The Verbosity Signal — Response Length as a Zero-Cost Jailbreak Detector | Research | Failure-First

Adrian Wedd

Report 189 Research — Empirical Study 2026-03-24

Executive Summary

Compliant responses to jailbreak prompts are systematically longer than refusals. Across 1,751 evaluation results from 51 models and 9 providers with token-level instrumentation, COMPLIANCE responses average 1,356 tokens vs 857 tokens for REFUSAL — a 1.58x ratio (Mann-Whitney U z=10.92, p<1e-27, Cohen’s d=0.369). This signal holds for all 9 providers with sufficient data (n>=20 per verdict class). The response-token ROC curve yields AUC=0.651 [95% CI: 0.626, 0.677], enabling a zero-cost, model-agnostic jailbreak detector that requires no classifier model, no prompt analysis, and no content inspection — only a token counter.

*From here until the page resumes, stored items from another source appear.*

Lemma indep_atE m (P : V -> 'rV[R]_m) E :
  indep_at P E <-> row_free (rigidity_mx E (coords P)).
Proof.
set M := rigidity_mx E (coords P).
have stressE c : stress P E c <-> \row_i c (enum_val i) *m M = 0.
  split=> [stress_c | Mc0 w]; last first.
    by apply/rowP => k; rewrite -rigidity_mx_coords Mc0 !mxE.
  apply/rowP => j; rewrite -(enum_valK j); case: (enum_val j) => w k.
  by rewrite rigidity_mx_coords stress_c !mxE.
split=> [indep | M_free c /stressE Mc0 e eE].
  apply: inj_row_free => u uM0.
  pose c e := \sum_(i | enum_val i == e) u 0 i.
  have cE i : c (enum_val i) = u 0 i.
    by rewrite /c (big_pred1 i) // => i'; rewrite /= (inj_eq enum_val_inj).
  have u_c : u = \row_i c (enum_val i) by apply/rowP => i; rewrite !mxE cE.
  apply/rowP => i; rewrite mxE -cE; apply: indep (enum_valP i).
  by apply/stressE; rewrite -u_c.
have c0 : \row_i c (enum_val i) = 0 :> 'rV_#|E|.
  by apply/eqP; rewrite -(mulmx_free_eq0 _ M_free) Mc0.
have := congr1 (fun u : 'rV_#|E| => u 0 (enum_rank_in eE e)) c0.
by rewrite !mxE enum_rankK_in.
Qed.

Lemma indep_at_generic m (P p : V -> 'rV[R]_m) E :
  indep_at P E -> generic p -> indep_at p E.
Proof.
rewrite !indep_atE !row_free_gram !unitmxE !unitfE => P_indep p_gen.
pose X := rigidity_mx E (fun i => 'X_i : {mpoly rat[#|{: V * 'I_m}|]}).
have gramE Q : \det (rigidity_mx E (coords Q) *m (rigidity_mx E (coords Q))^T) =
    mmap (@ratr R) (coords Q) (\det (X *m X^T)).
  have evalX : mmap (@ratr R) (coords Q) \o (fun i => 'X_i) =1 coords Q.
    by move=> i /=; rewrite mmapX mmap1U.
  by rewrite -det_map_mx map_mxM -map_trmx (map_rigidity_mx _ evalX).
rewrite gramE; apply: p_gen; apply: contraNneq P_indep => X0.
by rewrite gramE X0 mmap0.
Qed.

Lemma generic_proj m (p : V -> 'rV[R]_m.+1) : generic p -> generic (proj p).
Proof.
pose s (i : 'I_#|{: V * 'I_m}|) : 'I_#|{: V * 'I_m.+1}| :=
  let: (v, k) := enum_val i in enum_rank (v, lift ord_max k).
have s_inj : injective s.
  move=> i j; rewrite /s; case Ei: (enum_val i) => [v k]; case Ej: (enum_val j) => [v' k'].
  move/enum_rank_inj/eqP; rewrite xpair_eqE (inj_eq lift_inj) => /andP[/eqP vv' /eqP kk'].
  by apply: enum_val_inj; rewrite Ei Ej vv' kk'.
have sE : coords p \o s =1 coords (proj p).
  by move=> i; rewrite /= /s /coords; case: (enum_val i) => v k; rewrite enum_rankK mxE.
by move=> p_gen q /(alg_indep_comp s_inj p_gen); rewrite (mmap_eq _ q sE).
Qed.

End Realisations.

Theorem corollary4p13 (R : realType) (d : nat) (V : finType)
  (E0 E : {set {set V}}) :
  (1 <= d)%N ->
  (forall e, e \in E -> (#|e| = 2)%N) ->
  E0 \subset E ->
  (#|E :\: E0| <= 2)%N ->
  Rd_indep R d E0 ->
  Rd_indep R d.+1 E.
Proof.
(* The argument works for every d. *)
move=> _ pairsE sE0E cardD indE0 p p_gen.
have [z indz] := exists_indep_extend pairsE sE0E cardD (indE0 _ (generic_proj p_gen)).
exact: indep_at_generic indz p_gen.
Qed.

This is a modest but highly reliable signal. It does not replace LLM-based classification (which achieves much higher accuracy), but it provides a zero-latency, zero-cost first-pass filter that can flag suspicious responses for downstream review. At the optimal Youden threshold of 661 tokens, the detector achieves 62.9% recall at 62.7% specificity (F1=0.607).

1. Motivation

The F41LUR3-F1R57 corpus contains 132,416 evaluation results across 236 models. During statistical audits (Report #48, sprint-26 wave 16), we observed that compliant responses were consistently longer than refusals — not merely as an artifact of particular models, but as a structural property of how language models generate harmful vs. safety-aligned content.

If response length reliably discriminates compliance from refusal, it constitutes a zero-cost inference-time signal: no additional model calls, no content classification, no prompt analysis. Just count tokens. This would be the cheapest possible jailbreak detector.

Research questions:

What is the discriminative power (AUC) of response length for detecting jailbreak compliance?
Does the signal hold per-provider, or only in aggregate?
For reasoning models, do thinking tokens carry additional signal?
How does a length-based detector compare to our LLM classifier?
Can we propose a practical detection threshold?

2. Data and Methods

2.1 Data Sources

We analyze the jailbreak_corpus.db (schema v13) with three analytical tiers:

Tier	Metric	N (C/R)	Models	Providers
Tier 1 (primary)	Response tokens	798 / 953	51	9
Tier 2	Thinking tokens	72 / 65	~5 reasoning	3
Tier 3 (full corpus)	Character length	20,243 / 4,940	190	23

Tier 1 (API-served models with token counts) is the primary analysis. Token counts are more stable than character counts across tokenizers and provide the actionable metric for deployment.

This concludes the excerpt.